Given this, line 2 appears odd. Instead, it should be
map_size = (int)((chunks + NBWORD -1) >> BIT_TO_WORD_SHIFT);
Also, chunks calculation may go well off the mark of the blocks are not
page aligned. The code does not block alignment check. It only checks
for sectoral alignment. For example, lets say I need 32768
pb_buffer_length. However, the offset is not 4096 aligned. Lets say it
starts at, 2048. Given this, _pagebuf_lookup_pages will prepare 8 + 1 pages.
page_count = page_buf_btoc(end) - page_buf_btoct(bp->pb_file_offset);
In this case, chunks calculated will suffice for only 8 pages. In this
particular case, the statement 2 makes amend for it and allocates
correct map size. But, it oversteps when the offset is block (4096)
aligned. That is, if offset was 0, still it will allocate 9 pages.

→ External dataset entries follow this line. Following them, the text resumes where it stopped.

Lemma horner_iter_euler_Qn i z :
  (iter i euler Qn).[z] = 3%:R ^+ i * z ^+ 3 + 2%:R ^+ i * W2.[z]
    + W1.[z] + 0 ^+ i * W0.[z] + (-1) ^+ i * Wm.[z].
Proof.
rewrite Qn_weights 4!iter_eulerD (iter_euler_eigen _ euler_W3)
  (iter_euler_eigen _ euler_W2) (iter_euler_eigen _ euler_W1)
  (iter_euler_eigen _ euler_W0) (iter_euler_eigen _ euler_Wm).
by rewrite 4!hornerD !hornerZ expr1n mul1r /W3 hornerXn.
Qed.

Lemma Qn_no_quintic_factor z :
  (0 < n)%N -> 2%:R != 0 :> L -> 3%:R != 0 :> L ->
  ~~ (('X - z%:P) ^+ 5 %| Qn).
Proof.
move=> n_gt0 two_neq0 three_neq0; apply/negP=> dvd5.
pose s i := (iter i euler Qn).[z].
have s0 i : (i < 5)%N -> s i = 0 := root_iter_euler dvd5 (i := i).
have z3 : (2 * 2 * 2 * 3)%:R * z ^+ 3 = 0.
  have -> : (2 * 2 * 2 * 3)%:R * z ^+ 3 = s 4 - 2%:R * s 3 - s 2 + 2%:R * s 1.
    by rewrite /s !horner_iter_euler_Qn; ring.
  by rewrite !s0 // !mulr0 !subr0 addr0.
have z0 : z = 0.
  move/eqP: z3; rewrite !natrM !mulf_eq0 (negbTE two_neq0) (negbTE three_neq0).
  by rewrite /= !orbb => /eqP.
have := s0 0 isT; rewrite /s /= z0 /Qn !hornerE !expr0n !addn_eq0 andbF /=.
rewrite (negbTE (lt0n_neq0 n_gt0)) !(subr0, addr0, add0r, sub0r) => /eqP.
by rewrite oppr_eq0 oner_eq0.
Qed.

End WeightDecomposition.

Lemma PkS j : Pk j.+1 = Pk j + 'X^(4 * j) * ('X^4 - 'X^3 - 'X^2 - 'X).
Proof. by rewrite /Pk big_nat_recr //= mulnS addKn addrA. Qed.

Lemma PkSS j : Pk j.+2 = ('X^4 + 1) * Pk j.+1 - 'X^4 * Pk j.
Proof. rewrite !PkS mulnS exprD; ring. Qed.

Lemma Pk_telescope k :
  ('X^4 - 1) * Pk k = 'X^4 - 1 + ('X^(4 * k) - 1) * ('X^4 - 'X^3 - 'X^2 - 'X).
Proof.
elim: k => [|k IH]; first by rewrite /Pk big_geq // addr0 muln0 expr0; ring.
by rewrite PkS mulrDr IH mulnS exprD; ring.
Qed.

Lemma Qk_factor k : Qk k = ('X^4 - 1) * Pk k.
Proof. by rewrite Pk_telescope /Qk !exprD; ring. Qed.

Lemma psmallS j : psmall j.+1 = (ppair j).2.
Proof. by rewrite /psmall /=; case: (ppair j). Qed.

Lemma psmallSS j : psmall j.+2 = ('X^2 - 2%:P) * psmall j.+1 - psmall j.
Proof. by rewrite !psmallS /psmall /=; case: (ppair j). Qed.

Section PositiveCharacteristic.
Variables (L : fieldType) (k p : nat).
Hypotheses (charL : p \in [pchar L]) (p_gt3 : (3 < p)%N)
  (p_dvd : (p %| (2 * k).+1)%N).

Lemma pchar_small_neq0 m : (0 < m < p)%N -> m%:R != 0 :> L.
Proof.
case/andP=> m_gt0 lt_mp; rewrite -(dvdn_pcharf charL).
by apply/negP=> /(dvdn_leq m_gt0); rewrite leqNgt lt_mp.
Qed.

(* n + 1 = 4k + 2 = 2 (2k + 1) vanishes in L. *)
Lemma nat4k2_eq0 : (4 * k + 1).+1%:R = 0 :> L.
Proof.
have -> : (4 * k + 1).+1 = ((2 * k).+1 * 2)%N by lia.
by rewrite natrM; move: p_dvd; rewrite (dvdn_pcharf charL) => /eqP ->; rewrite mul0r.
Qed.

Lemma redp_Qk : redp L (Qk k) = Qn L (4 * k + 1).
Proof.
rewrite /Qk !(rmorphB, rmorphD) rmorph1 /= !redpXn redpX.
by rewrite /Qn -!addnA.
Qed.

Lemma Qk_no_quintic_factor z : ~~ (('X - z%:P) ^+ 5 %| redp L (Qk k)).
Proof.
rewrite redp_Qk; apply: (Qn_no_quintic_factor nat4k2_eq0); first by lia.
  by apply: pchar_small_neq0; lia.
by apply: pchar_small_neq0; lia.
Qed.

(* Divisors of P_{k-1} divide Q_{k-1} = (X^4 - 1) P_{k-1}. *)
Lemma Pk_no_quintic_factor z : ~~ (('X - z%:P) ^+ 5 %| redp L (Pk k)).
Proof.
apply: contra (Qk_no_quintic_factor z) => dvdP.
by rewrite Qk_factor rmorphM dvdp_mull.
Qed.

Lemma mup_Qk_Pk z :
  (mup z (redp L (Qk k)) <= 4)%N /\ (mup z (redp L (Pk k)) <= 4)%N.
Proof.
have neq0 (f : {poly L}) : ~~ (('X - z%:P) ^+ 5 %| f) -> f != 0.
  by apply: contraNneq => ->; rewrite dvdp0.
split; rewrite -ltnS mup_ltn.
- exact: Qk_no_quintic_factor.
- exact/neq0/Qk_no_quintic_factor.
- exact: Pk_no_quintic_factor.
- exact/neq0/Pk_no_quintic_factor.
Qed.

End PositiveCharacteristic.

Definition ev (K : fieldType) (t : K) : {poly int} -> K := horner_eval t \o redp K.
HB.instance Definition _ (K : fieldType) (t : K) := GRing.RMorphism.on (ev t).

Lemma evX (K : fieldType) (t : K) : ev t 'X = t.
Proof. by rewrite /ev /= horner_evalE redpX hornerX. Qed.

Lemma evC (K : fieldType) (t : K) (c : int) : ev t c%:P = c%:~R.
Proof. by rewrite /ev /= horner_evalE redpC hornerC. Qed.

Lemma ev_PkSS (K : fieldType) (t : K) j :
  ev t (Pk j.+2) = (t ^+ 4 + 1) * ev t (Pk j.+1) - t ^+ 4 * ev t (Pk j).
Proof. by rewrite PkSS rmorphB !rmorphM rmorphD rmorphXn rmorph1 /= evX. Qed.
Lemma nu_out_ge0 A : (0 <= nu A)%E.
Proof.
by apply/ereal_infP => _ [J [_ [_ ->]]]; apply: esum_ge0 => j _; apply: exp2zE_ge0.
Qed.

Definition shadow A : set R := proj1 @` \bigcup_(F in Q A) F.

Lemma shadowE A : shadow A = \bigcup_(j in [set j | Q A (strip j.1 j.2)]) dyI j.1 j.2.
Proof.
apply/seteqP; split => [_ [p [F QF Fp] <-]|x [[m l] /= Qml hx]].
  by have [m [l [_ [eF _]]]] := QF; subst F; exists (m, l) => //; case: Fp.
exists (x, 2 ^ l, 0) => //; exists (strip m l) => //.
by split => //=; split => //; apply: exp2z_gt0.
Qed.

Lemma measurable_shadow A : measurable (shadow A).
Proof.
by rewrite shadowE; apply: measurable_bigcup_countable => j _; apply: measurable_dyI.
Qed.

Lemma measurable_dyI_shadow A m l : measurable (dyI m l `&` shadow A).
Proof. by apply: measurableI; [apply: measurable_dyI | apply: measurable_shadow]. Qed.

Lemma Ncoll_stripE A m l : N (Q A) (strip m l) <->
  l <= L /\ (((2:R) ^ l)%:E * (2^-1)%:E <= lam (dyI m l `&` shadow A))%E.
Proof.
by rewrite /Ncoll /= image_proj1_strip lebesgue_dyI stripsL_stripE.
Qed.

Lemma sub_Ncoll {D1 : set (set (pt R))} : D1 `<=` stripsL L -> D1 `<=` N D1.
Proof.
move=> D1L E D1E; split; first exact: D1L.
have [m [l [_ eE]]] := D1L _ D1E.
rewrite setIidl; last by apply: image_subset; apply: bigcup_sup.
rewrite eE image_proj1_strip lebesgue_dyI -EFinM lee_fin.
by have := @exp2z_gt0 R l; lra.
Qed.

Lemma subset_Bcov A : A `<=` YL L -> A `<=` Bcov C A.
Proof.
move=> AY p Ap; have [s0 sL] := AY p Ap.
have [l [lo hi]] := exp2z_level s0.
have lL : l <= L.
  by have := lt_le_trans lo sL; rewrite ltr_exp2z; lia.
have [m hm] := dyI_exists l p.1.1.
have Qml : Q A (strip m l).
  exists m, l; split => //; split => //; exists p; split => //.
  by split; [|rewrite -exp2zB1].
have [F MF sub] := Mcoll_exists (Ncoll_strips _) _ (sub_Ncoll (@Qcoll_strips A) _ Qml).
by exists F => //; apply: sub.
Qed.

Lemma lebesgue_shadow_le_mu A : (lam (shadow A) <= mu A)%E.
Proof.
apply/ereal_infP => _ [J [JL [AJ ->]]].
under eq_esum => j _ do rewrite -(lebesgue_dyI j.1 j.2).
apply: measure_countable_subadditive.
- by move=> j _; apply: measurable_dyI.
- exact: measurable_shadow.
rewrite shadowE => x [[m l] /= [m' [l' [_ [/strip_inj [<- <-] [p [[[hp _] half] Ap]]]]]] hx].
have [j Jj [hj [_ sj]]] := AJ p Ap.
have lj : l <= j.2.
  by have := lt_le_trans half sj; rewrite -exp2zB1 ltr_exp2z; lia.
by exists j => //; apply: (dyI_subset lj hp hj).
Qed.
(* Let $\mathsf P'\subset\mathbb R^m$ be a $(\mu',\epsilon')$-net, $0<\Gamma_0\le1$, and $0\le\delta_0\le\frac14$. Suppose $\tau=q*\sigma\subseteq\mathsf P'$ is a $(k+1)$-simplex which is a forbidden configuration certified by $q$ and $B(C,R)$. Then for every $p\in\tau$ there is a ball $B(C_p,R_p)$ circumscribing $\tau_p$ such that $$R_p\le\Big(1+\frac{3\delta_0}{\mu'\Gamma_0^k}\Big)R\quad\text{and}\quad d(p,\partial B(C_p,R_p))\le\frac{6\delta_0}{\mu'^2\Gamma_0^k}\,\ell(\tau_p).$$
   Context: Let $d(x,X)$ denote Euclidean distance from a point to a set; $B(c,r)$ is the open ball. For a finite $\mathsf P\subset\mathbb R^m$ and $\epsilon>0$, $\mathsf P$ is $\epsilon$-dense if $d(x,\mathsf P\cup\partial\,\mathrm{conv}(\mathsf P))<\epsilon$ for every $x\in\mathrm{conv}(\mathsf P)$; it is $\mu\epsilon$-separated if $\|p-q\|\ge\mu\epsilon$ for all distinct $p,q\in\mathsf P$. For $0<\mu\le1$, $\mathsf P$ is a $(\mu,\epsilon)$-net if it is $\epsilon$-dense and $\mu\epsilon$-separated. A simplex is a nonempty finite subset $\sigma\subset\mathbb R^m$ (vertices need not be affinely independent); $\dim\sigma=|\sigma|-1$; faces are nonempty subsets. For $p\in\sigma$, $\sigma_p=\sigma\setminus\{p\}$; for $p\notin\sigma$, $p*\sigma=\sigma\cup\{p\}$. $L(\sigma)$, $\ell(\sigma)$ are the largest and smallest distances between distinct vertices. Altitude $D(p,\sigma)=d(p,\mathrm{aff}(\sigma_p))$. Thickness of a $j$-simplex: $\Upsilon(\sigma)=1$ if $j=0$, else $\min_{p}D(p,\sigma)/(jL(\sigma))$. $\sigma$ is $\Gamma_0$-good if every $j$-face $\sigma^j$ satisfies $\Upsilon(\sigma^j)\ge\Gamma_0^j$; $\Gamma_0$-bad otherwise; a $\Gamma_0$-flake is a $\Gamma_0$-bad simplex whose proper faces are all $\Gamma_0$-good. A circumscribing ball of $\sigma$ is an open ball whose boundary contains all vertices of $\sigma$. Forbidden configuration: given finite $\mathsf P'\subset\mathbb R^m$ and parameters $\mu',\epsilon'>0$, $0<\Gamma_0\le1$, $\delta_0\ge0$, a $(k+1)$-simplex $\tau\subseteq\mathsf P'$ with $k\le m$ is a forbidden configuration if it is a $\Gamma_0$-flake and there exist $p\in\tau$ and a circumscribing ball $B(C,R)$ of $\tau_p$ with $R<\epsilon'$ and $\big|\,\|p-C\|-R\,\big|\le\delta_0\mu'\epsilon'$; it is then said to be certified by $p$ and $B(C,R)$. *)

From HB Require Import structures.
From mathcomp Require Import all_boot all_order all_algebra.
Set Implicit Arguments. Unset Strict Implicit. Unset Printing Implicit Defensive.
Import Order.TTheory GRing.Theory Num.Theory.
Local Open Scope ring_scope.

Section Defs.
Variables (R : rcfType) (m : nat).
Local Notation V := 'rV[R]_m.

Definition enorm (v : V) : R := Num.sqrt (\sum_(i < m) (v ord0 i) ^+ 2).
Definition edist (x y : V) : R := enorm (x - y).

Definition conv (s : seq V) (x : V) : Prop :=
  exists w : nat -> R, (forall i, (i < size s)%N -> 0 <= w i) /\
    \sum_(i < size s) w i = 1 /\ x = \sum_(i < size s) w i *: s`_i.
Definition aff (s : seq V) (x : V) : Prop :=
  exists w : nat -> R, \sum_(i < size s) w i = 1 /\ x = \sum_(i < size s) w i *: s`_i.

Definition ball (c : V) (r : R) (y : V) : Prop := edist y c < r.
Definition closure (S : V -> Prop) (y : V) : Prop :=
  forall eta, 0 < eta -> exists z, S z /\ edist y z < eta.
Definition boundary (S : V -> Prop) (y : V) : Prop :=
  closure S y /\ closure (fun z => ~ S z) y.

(* d(x,S) < e, d(x,S) <= e, d(x,S) >= e  (d = infimum of distances) *)
Definition dist_lt (x : V) (S : V -> Prop) (e : R) : Prop :=
  exists y, S y /\ edist x y < e.
Definition dist_le (x : V) (S : V -> Prop) (e : R) : Prop :=
  forall eta, 0 < eta -> exists y, S y /\ edist x y < e + eta.
Definition dist_ge (x : V) (S : V -> Prop) (e : R) : Prop :=
  forall y, S y -> e <= edist x y.

Definition eps_dense (P : seq V) (eps : R) : Prop :=
  forall x, conv P x -> dist_lt x (fun y => y \in P \/ boundary (conv P) y) eps.
Definition separated (P : seq V) (d : R) : Prop :=
  forall p q, p \in P -> q \in P -> p != q -> d <= edist p q.
Definition is_net (P : seq V) (mu eps : R) : Prop :=
  0 < mu /\ mu <= 1 /\ 0 < eps /\ eps_dense P eps /\ separated P (mu * eps).

(* simplices: duplicate-free lists of points; dim = size - 1; sigma_p = rem p sigma *)
Definition Lmax (s : seq V) : R :=
  \big[Num.max/0]_(p <- s) \big[Num.max/0]_(q <- s | q != p) edist p q.
Definition lmin (s : seq V) : R :=
  \big[Num.min/Lmax s]_(p <- s) \big[Num.min/Lmax s]_(q <- s | q != p) edist p q.

(* Upsilon(s) >= t : for j = 0, 1 >= t; for j >= 1,
   min_p D(p,s)/(j L(s)) >= t, i.e. every altitude D(p,s) = d(p, aff(s_p)) is >= t j L(s) *)
Definition thick_ge (s : seq V) (t : R) : Prop :=
  let j := (size s).-1 in
  (j = 0%N -> t <= 1) /\
  ((0 < j)%N -> forall p, p \in s -> dist_ge p (aff (rem p s)) (t * j%:R * Lmax s)).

It affects the xfs_next_bit called in xfs_buf_item_size and
xfs_buf_item_format. If last chunk of the 8 blocks allocated are dirty,
the code will over step into 9th (which might be not even cached) page
and potentially return in "unable to handle paging request". This is
because the xfs_next_bit will not return -1 as it does not see the end
due to map size overstepping.
Instead, the calculation should rely on page count directly as
XFS_PAGE_COUNT(bp) bp->bp_page_count.
Section B:
---------
xfs_init()
.....
/*
* The size of the zone allocated buf log item is the maximum
* size possible under XFS. This wastes a little bit of memory,
* but it is much faster.
*/
xfs_buf_item_zone =
kmem_zone_init((sizeof(xfs_buf_log_item_t) +
(((XFS_MAX_BLOCKSIZE / XFS_BLI_CHUNK) /
NBWORD) * sizeof(int))),
"xfs_buf_item");
This restricts the Maximum Possible blocks which can be dirtied in a
buf item to 17 pages (xfs_buf_log_item_t contains one map and + part
yields 16 maps). It appears very inflexible scheme.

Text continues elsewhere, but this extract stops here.